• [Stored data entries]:

▼

(* Let $\mathbf{L}$ be a Euclidean modal logic and let $\mathcal{F}^{\rho}_{A,B}$ be a galaxy in $\mathcal{K}_2$. If $\{2\}\times\mathbf{N}^{-}\subseteq\mathtt{S}_{\mathbf{L}}$, then $\mathbf{L}$ is valid in $\mathcal{F}^{\rho}_{A,B}$.
   Context: A frame is a pair $(W,R)$ with $W$ non-empty and $R\subseteq W\times W$. Modal formulas (propositional variables, $\bot,\neg,\vee,\Box$) have standard Kripke semantics; validity means truth at all points under all valuations. A (normal) modal logic contains all tautologies and K axioms and is closed under uniform substitution, modus ponens and necessitation; a Euclidean modal logic is one not containing $\bot$ and containing $\Diamond\psi\to\Box\Diamond\psi$ for all $\psi$. For sets $A,B$ with $A\cap B=\emptyset$, $A\cup B\ne\emptyset$ and $\rho:A\to\wp(B)$, the galaxy $\mathcal{F}^{\rho}_{A,B}$ has universe $A\cup B$ and relation $\bigcup_{s\in A}(\{s\}\times\rho(s))\cup(B\times B)$. $\mathcal{K}_2$ is the class of galaxies with $|A|\ge4$, $|B|\ge4$ and $|\rho(s)|=2$ for all $s\in A$. $\mathbf{N}^{+}=\{1,2,\dots\}$, $\mathbf{N}^{-}=\{-1,0,1,\dots\}$. For $m\in\mathbf{N}^{+}$, $n\ge0$, the flower $\mathcal{F}_m^n$ has universe $\{0,\dots,m+n\}$ and relation $(\{0\}\times\{1,\dots,m\})\cup\{1,\dots,m+n\}^2$; $\mathcal{F}_m^{-1}$ has universe $\{1,\dots,m\}$ and relation $\{1,\dots,m\}^2$. $\mathtt{S}_{\mathbf{L}}=\{(m,n)\in\mathbf{N}^{+}\times\mathbf{N}^{-}:\ \mathbf{L}\text{ valid in }\mathcal{F}_m^n\}$. *)

From Stdlib Require Import ZArith Bool.

Inductive form : Type :=
| Var : nat -> form
| Bot : form
| Neg : form -> form
| Or  : form -> form -> form
| Box : form -> form.

Definition Imp (a b : form) : form := Or (Neg a) b.
Definition Dia (a : form) : form := Neg (Box (Neg a)).

Record frame := Frame { fW : Type; fR : fW -> fW -> Prop }.

Fixpoint sat (F : frame) (V : nat -> fW F -> Prop) (w : fW F) (a : form) : Prop :=
  match a with
  | Var p => V p w
  | Bot => False
  | Neg b => ~ sat F V w b
  | Or b c => sat F V w b \/ sat F V w c
  | Box b => forall u, fR F w u -> sat F V u b
  end.

Definition valid_in (F : frame) (a : form) : Prop :=
  forall (V : nat -> fW F -> Prop) (w : fW F), sat F V w a.

Definition logic := form -> Prop.

Definition logic_valid_in (L : logic) (F : frame) : Prop :=
  forall a, L a -> valid_in F a.

(** Propositional tautologies: formulas true under every boolean assignment
    to their maximal non-propositional subformulas (variables and boxed formulas). *)
Fixpoint peval (v : form -> bool) (a : form) : bool :=
  match a with
  | Var p => v (Var p)
  | Bot => false
  | Neg b => negb (peval v b)
  | Or b c => peval v b || peval v c
  | Box b => v (Box b)
  end.

Definition tautology (a : form) : Prop := forall v, peval v a = true.

Fixpoint subst (s : nat -> form) (a : form) : form :=
  match a with
  | Var p => s p
  | Bot => Bot
  | Neg b => Neg (subst s b)
  | Or b c => Or (subst s b) (subst s c)
  | Box b => Box (subst s b)
  end.

Definition K_axiom : form :=
  Imp (Box (Imp (Var 0) (Var 1))) (Imp (Box (Var 0)) (Box (Var 1))).

Definition normal_modal_logic (L : logic) : Prop :=
  (forall a, tautology a -> L a) /\
  L K_axiom /\
  (forall s a, L a -> L (subst s a)) /\
  (forall a b, L a -> L (Imp a b) -> L b) /\
  (forall a, L a -> L (Box a)).

Definition euclidean_logic (L : logic) : Prop :=
  normal_modal_logic L /\ ~ L Bot /\
  (forall psi, L (Imp (Dia psi) (Box (Dia psi)))).

Definition galaxy_R (A B : Type) (rho : A -> B -> Prop) (x y : A + B) : Prop :=
  match x, y with
  | inl s, inr b => rho s b
  | inr _, inr _ => True
  | _, _ => False
  end.

Definition galaxy (A B : Type) (rho : A -> B -> Prop) : frame :=
  Frame (A + B) (galaxy_R A B rho).

Definition at_least_4 (T : Type) : Prop :=
  exists x1 x2 x3 x4 : T,
    x1 <> x2 /\ x1 <> x3 /\ x1 <> x4 /\ x2 <> x3 /\ x2 <> x4 /\ x3 <> x4.

Definition has_exactly_2 {B : Type} (P : B -> Prop) : Prop :=
  exists b1 b2 : B, b1 <> b2 /\ forall b, P b <-> (b = b1 \/ b = b2).

Definition in_K2 (A B : Type) (rho : A -> B -> Prop) : Prop :=
  at_least_4 A /\ at_least_4 B /\ forall s, has_exactly_2 (rho s).

(** Flowers F_m^n, m >= 1, n in N^- = {-1,0,1,...} (n : Z).
    n >= 0: universe {0..m+n}, relation ({0} x {1..m}) u {1..m+n}^2.
    n = -1: universe {1..m}, relation {1..m}^2. *)
Definition flower_pt (m : nat) (n : Z) (k : nat) : Prop :=
  if (n <? 0)%Z then 1 <= k <= m else k <= m + Z.to_nat n.

Definition flower_rel (m : nat) (n : Z) (k l : nat) : Prop :=
  if (n <? 0)%Z then (1 <= k <= m /\ 1 <= l <= m)
  else (k = 0 /\ 1 <= l <= m) \/
       (1 <= k <= m + Z.to_nat n /\ 1 <= l <= m + Z.to_nat n).

Definition flower (m : nat) (n : Z) : frame :=
  Frame {k : nat | flower_pt m n k}
        (fun x y => flower_rel m n (proj1_sig x) (proj1_sig y)).

Definition S_L (L : logic) (m : nat) (n : Z) : Prop :=
  1 <= m /\ (-1 <= n)%Z /\ logic_valid_in L (flower m n).

(* A formula only sees the finitely many variables below its [var_bound], and
   all cluster points of a galaxy have the same successors, so up to agreement
   on those variables the cluster has finitely many points, listed by some
   [b1 :: b2 :: l] with [rho s = {b1, b2}].  Sending the root [0] of the flower
   F_2^(length l) to [s] and its petal [k + 1] to the [k]-th point of that list
   is a bounded morphism up to this agreement, so validity of L in F_2^n
   transfers to every point of the galaxy. *)

From Stdlib Require Import ZArith.
From Stdlib Require Import Lia List Classical.
Import ListNotations.

Fixpoint var_bound (a : form) : nat :=
  match a with
  | Var p => S p
  | Bot => 0
  | Neg b => var_bound b
  | Or b c => Nat.max (var_bound b) (var_bound c)
  | Box b => var_bound b
  end.

Section Agreement.

Variables (T : Type) (V : nat -> T -> Prop).

Definition agree_below (N : nat) (x y : T) : Prop :=
  forall p, p < N -> (V p x <-> V p y).

Definition covers (N : nat) (l : list T) : Prop :=
  forall x, exists y, In y l /\ agree_below N x y.

Lemma agree_below_trans N x y z :
  agree_below N x y -> agree_below N y z -> agree_below N x z.
Proof.
  intros Hxy Hyz p Hp; rewrite (Hxy p Hp); exact (Hyz p Hp).
Qed.

Lemma agree_below_sym N x y : agree_below N x y -> agree_below N y x.
Proof. intros H p Hp; symmetry; exact (H p Hp). Qed.

Lemma agree_below_S N x y :
  agree_below N x y -> (V N x <-> V N y) -> agree_below (S N) x y.
Proof.
  intros H HN p Hp.
  destruct (Nat.eq_dec p N) as [-> | Hne]; [exact HN | apply H; lia].
Qed.

Lemma agree_below_split N c :
  exists x y, forall b, agree_below N b c ->
    agree_below (S N) b x \/ agree_below (S N) b y.
Proof.
  assert (Hpick : forall P : T -> Prop, exists x,
            (exists z, agree_below N z c /\ P z) -> agree_below N x c /\ P x).
  { intro P.
    destruct (classic (exists z, agree_below N z c /\ P z)) as [[z Hz] | Hnone].
    - exists z; auto.
    - exists c; intro Hsome; contradiction. }
  destruct (Hpick (V N)) as [x Hx], (Hpick (fun z => ~ V N z)) as [y Hy].
  exists x, y; intros b Hb.
  destruct (classic (V N b)) as [HbN | HbN].
  - destruct (Hx (ex_intro _ b (conj Hb HbN))) as [Hxc HxN].
    left; apply agree_below_S; [| tauto].
    exact (agree_below_trans _ _ _ _ Hb (agree_below_sym _ _ _ Hxc)).
  - destruct (Hy (ex_intro _ b (conj Hb HbN))) as [Hyc HyN].
    right; apply agree_below_S; [| tauto].
    exact (agree_below_trans _ _ _ _ Hb (agree_below_sym _ _ _ Hyc)).
Qed.

Lemma covers_S N l : covers N l -> exists l', covers (S N) l'.
Proof.
  intro Hl.
  assert (Hrefine : forall l0, exists l', forall b,
            (exists c, In c l0 /\ agree_below N b c) ->
            exists c', In c' l' /\ agree_below (S N) b c').
  { induction l0 as [| c l0 [l' Hl']].
    - exists []; intros b [c [[] _]].
    - destruct (agree_below_split N c) as [x [y Hxy]].
      exists (x :: y :: l'); intros b [c' [[<- | Hin] Hbc]].
      + destruct (Hxy b Hbc); [exists x | exists y]; simpl; auto.
      + destruct (Hl' b (ex_intro _ c' (conj Hin Hbc))) as [d [Hd Hbd]].
        exists d; simpl; auto. }
  destruct (Hrefine l) as [l' Hl']; exists l'; intro b; apply Hl', Hl.
Qed.

Lemma covers_exists (t0 : T) N : exists l, covers N l.
Proof.
  induction N as [| N [l Hl]].
  - exists [t0]; intro x; exists t0; split; [left; reflexivity | intros p Hp; lia].
  - exact (covers_S N l Hl).
Qed.

Lemma covers_incl N l l' : incl l l' -> covers N l -> covers N l'.
Proof.
  intros Hincl Hl x; destruct (Hl x) as [y [Hy Hxy]]; exists y; auto.
Qed.

End Agreement.

Lemma sat_same_successors (F : frame) (V : nat -> fW F -> Prop) x y :
  (forall u, fR F x u <-> fR F y u) ->
  forall a, agree_below _ V (var_bound a) x y -> (sat F V x a <-> sat F V y a).
Proof.
  intros Hsucc a; induction a as [p | | a IH | a IHa b IHb | a _]; simpl; intro Hxy.
  - apply Hxy; lia.
  - tauto.
  - rewrite IH; tauto.
  - rewrite IHa, IHb; [tauto | |];
      intros p Hp; apply Hxy; lia.
  - split; intros H u Hu; apply H, Hsucc, Hu.
Qed.

Definition equiv_upto (G : frame) (V : nat -> fW G -> Prop) (N : nat) u v : Prop :=
  forall a, var_bound a <= N -> (sat G V u a <-> sat G V v a).

(* The back condition only asks for a preimage up to [equiv_upto]; this is what
   lets a finite flower stand for an arbitrarily large galaxy. *)
Lemma sat_bounded_morphism_upto (F G : frame) (f : fW F -> fW G)
    (V : nat -> fW G -> Prop) N :
  (forall x y, fR F x y -> fR G (f x) (f y)) ->
  (forall x u, fR G (f x) u -> exists y, fR F x y /\ equiv_upto G V N u (f y)) ->
  forall a, var_bound a <= N ->
  forall x, sat F (fun p x => V p (f x)) x a <-> sat G V (f x) a.
Proof.
  intros Hforth Hback a; induction a as [p | | a IH | a IHa b IHb | a IH];
    simpl; intros Hbound x.
  - tauto.
  - tauto.
  - rewrite IH; tauto.
  - rewrite IHa, IHb by lia; tauto.
  - split.
    + intros H u Hu.
      destruct (Hback x u Hu) as [y [Hxy Huy]].
      apply (Huy a Hbound), IH, H; assumption.
    + intros H y Hxy; apply IH, H, Hforth; assumption.
Qed.

Lemma galaxy_inr_same_successors A B rho (b b' : B) (u : A + B) :
  galaxy_R A B rho (inr b) u <-> galaxy_R A B rho (inr b') u.
Proof. destruct u; simpl; tauto. Qed.

Lemma flower_pt_of_nat m n k : flower_pt m (Z.of_nat n) k <-> k <= m + n.
Proof.
  unfold flower_pt; replace (Z.of_nat n <? 0)%Z with false by (symmetry; apply Z.ltb_ge; lia).
  rewrite Nat2Z.id; reflexivity.
Qed.

Lemma flower_rel_of_nat m n k l :
  flower_rel m (Z.of_nat n) k l <->
  (k = 0 /\ 1 <= l <= m) \/ (1 <= k <= m + n /\ 1 <= l <= m + n).
Proof.
  unfold flower_rel; replace (Z.of_nat n <? 0)%Z with false by (symmetry; apply Z.ltb_ge; lia).
  rewrite Nat2Z.id; reflexivity.
Qed.

Definition flower_point m n k (Hk : k <= m + n) : fW (flower m (Z.of_nat n)) :=
  exist _ k (proj2 (flower_pt_of_nat m n k) Hk).

Section FlowerIntoGalaxy.

Variables (A B : Type) (rho : A -> B -> Prop) (s : A) (b1 b2 : B) (l : list B).
Hypothesis rho_s : forall b, rho s b <-> b = b1 \/ b = b2.

Let G := galaxy A B rho.
Let F := flower 2 (Z.of_nat (length l)).

Definition flower_to_galaxy (x : fW F) : fW G :=
  match proj1_sig x with
  | 0 => inl s
  | S j => inr (nth j (b1 :: b2 :: l) b1)
  end.

Lemma flower_to_galaxy_forth x y :
  fR F x y -> fR G (flower_to_galaxy x) (flower_to_galaxy y).
Proof.
  destruct x as [k Hk], y as [[| [| [| j]]] Hj]; unfold flower_to_galaxy; simpl;
    rewrite flower_rel_of_nat; intro Hrel; destruct k; simpl; try lia; try exact I.
  - apply rho_s; left; reflexivity.
  - apply rho_s; right; reflexivity.
Qed.

Lemma flower_to_galaxy_back (V : nat -> fW G -> Prop) N :
  covers _ (fun p b => V p (inr b)) N (b1 :: b2 :: l) ->
  forall x u, fR G (flower_to_galaxy x) u ->
  exists y, fR F x y /\ equiv_upto G V N u (flower_to_galaxy y).
Proof.
  intros Hcov [k Hk] [a | b]; unfold flower_to_galaxy; simpl;
    apply flower_pt_of_nat in Hk; destruct k as [| k]; simpl; try contradiction.
  - intros [-> | ->]%rho_s.
    + exists (flower_point 2 (length l) 1 ltac:(lia)); simpl.
      split; [apply flower_rel_of_nat; lia | intros a _; reflexivity].
    + exists (flower_point 2 (length l) 2 ltac:(lia)); simpl.
      split; [apply flower_rel_of_nat; lia | intros a _; reflexivity].
  - intros _.
    destruct (Hcov b) as [c [Hc Hbc]].
    destruct (In_nth _ _ b1 Hc) as [j [Hj <-]]; simpl in Hj.
    exists (flower_point 2 (length l) (S j) ltac:(lia)); simpl.
    split; [apply flower_rel_of_nat; lia |].
    intros a Ha; apply sat_same_successors.
    + intro u; apply galaxy_inr_same_successors.
    + intros p Hp; apply Hbc; lia.
Qed.

Lemma galaxy_sat_flower_image (V : nat -> fW G -> Prop) phi :
  covers _ (fun p b => V p (inr b)) (var_bound phi) (b1 :: b2 :: l) ->
  valid_in F phi ->
  forall x, sat G V (flower_to_galaxy x) phi.
Proof.
  intros Hcov Hvalid x.
  apply (sat_bounded_morphism_upto F G flower_to_galaxy V (var_bound phi));
    [exact flower_to_galaxy_forth | exact (flower_to_galaxy_back V _ Hcov) | lia |].
  apply Hvalid.
Qed.

End FlowerIntoGalaxy.

Theorem lemma36 (L : logic) (A B : Type) (rho : A -> B -> Prop) :
  euclidean_logic L ->
  in_K2 A B rho ->
  (forall n : Z, (-1 <= n)%Z -> S_L L 2 n) ->
  logic_valid_in L (galaxy A B rho).
Proof.
  intros _ [[s0 _] [[c0 _] Hrho]] HS phi Hphi V w.
  destruct (covers_exists B (fun p b => V p (inr b)) c0 (var_bound phi)) as [l Hl].
  assert (Hflower : forall m, valid_in (flower 2 (Z.of_nat m)) phi).
  { intro m; destruct (HS (Z.of_nat m) ltac:(lia)) as [_ [_ HL]]; exact (HL phi Hphi). }
  destruct w as [s | b].
  - destruct (Hrho s) as [b1 [b2 [_ Hs]]].
    exact (galaxy_sat_flower_image A B rho s b1 b2 l Hs V phi
             (covers_incl _ _ _ _ _ (incl_tl _ (incl_tl _ (incl_refl _))) Hl)
             (Hflower _) (flower_point 2 (length l) 0 ltac:(lia))).
  - destruct (Hrho s0) as [b1 [b2 [_ Hs]]].
    (* Listing [b] third makes it the image of petal 3. *)
    exact (galaxy_sat_flower_image A B rho s0 b1 b2 (b :: l) Hs V phi
             (covers_incl _ _ _ _ _ (incl_tl _ (incl_tl _ (incl_tl _ (incl_refl _)))) Hl)
             (Hflower _) (flower_point 2 (length (b :: l)) 3 ltac:(simpl; lia))).
Qed.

▲

Out of the data above, set down the lines from the one with "at_least_4 A /\" to the one with "Definition covers (N", both included, exactly as written and with no additions.

  at_least_4 A /\ at_least_4 B /\ forall s, has_exactly_2 (rho s).

(** Flowers F_m^n, m >= 1, n in N^- = {-1,0,1,...} (n : Z).
    n >= 0: universe {0..m+n}, relation ({0} x {1..m}) u {1..m+n}^2.
    n = -1: universe {1..m}, relation {1..m}^2. *)
Definition flower_pt (m : nat) (n : Z) (k : nat) : Prop :=
  if (n <? 0)%Z then 1 <= k <= m else k <= m + Z.to_nat n.

Definition flower_rel (m : nat) (n : Z) (k l : nat) : Prop :=
  if (n <? 0)%Z then (1 <= k <= m /\ 1 <= l <= m)
  else (k = 0 /\ 1 <= l <= m) \/
       (1 <= k <= m + Z.to_nat n /\ 1 <= l <= m + Z.to_nat n).

Definition flower (m : nat) (n : Z) : frame :=
  Frame {k : nat | flower_pt m n k}
        (fun x y => flower_rel m n (proj1_sig x) (proj1_sig y)).

Definition S_L (L : logic) (m : nat) (n : Z) : Prop :=
  1 <= m /\ (-1 <= n)%Z /\ logic_valid_in L (flower m n).

(* A formula only sees the finitely many variables below its [var_bound], and
   all cluster points of a galaxy have the same successors, so up to agreement
   on those variables the cluster has finitely many points, listed by some
   [b1 :: b2 :: l] with [rho s = {b1, b2}].  Sending the root [0] of the flower
   F_2^(length l) to [s] and its petal [k + 1] to the [k]-th point of that list
   is a bounded morphism up to this agreement, so validity of L in F_2^n
   transfers to every point of the galaxy. *)

From Stdlib Require Import ZArith.
From Stdlib Require Import Lia List Classical.
Import ListNotations.

Fixpoint var_bound (a : form) : nat :=
  match a with
  | Var p => S p
  | Bot => 0
  | Neg b => var_bound b
  | Or b c => Nat.max (var_bound b) (var_bound c)
  | Box b => var_bound b
  end.

Section Agreement.

Variables (T : Type) (V : nat -> T -> Prop).

Definition agree_below (N : nat) (x y : T) : Prop :=
  forall p, p < N -> (V p x <-> V p y).

Definition covers (N : nat) (l : list T) : Prop :=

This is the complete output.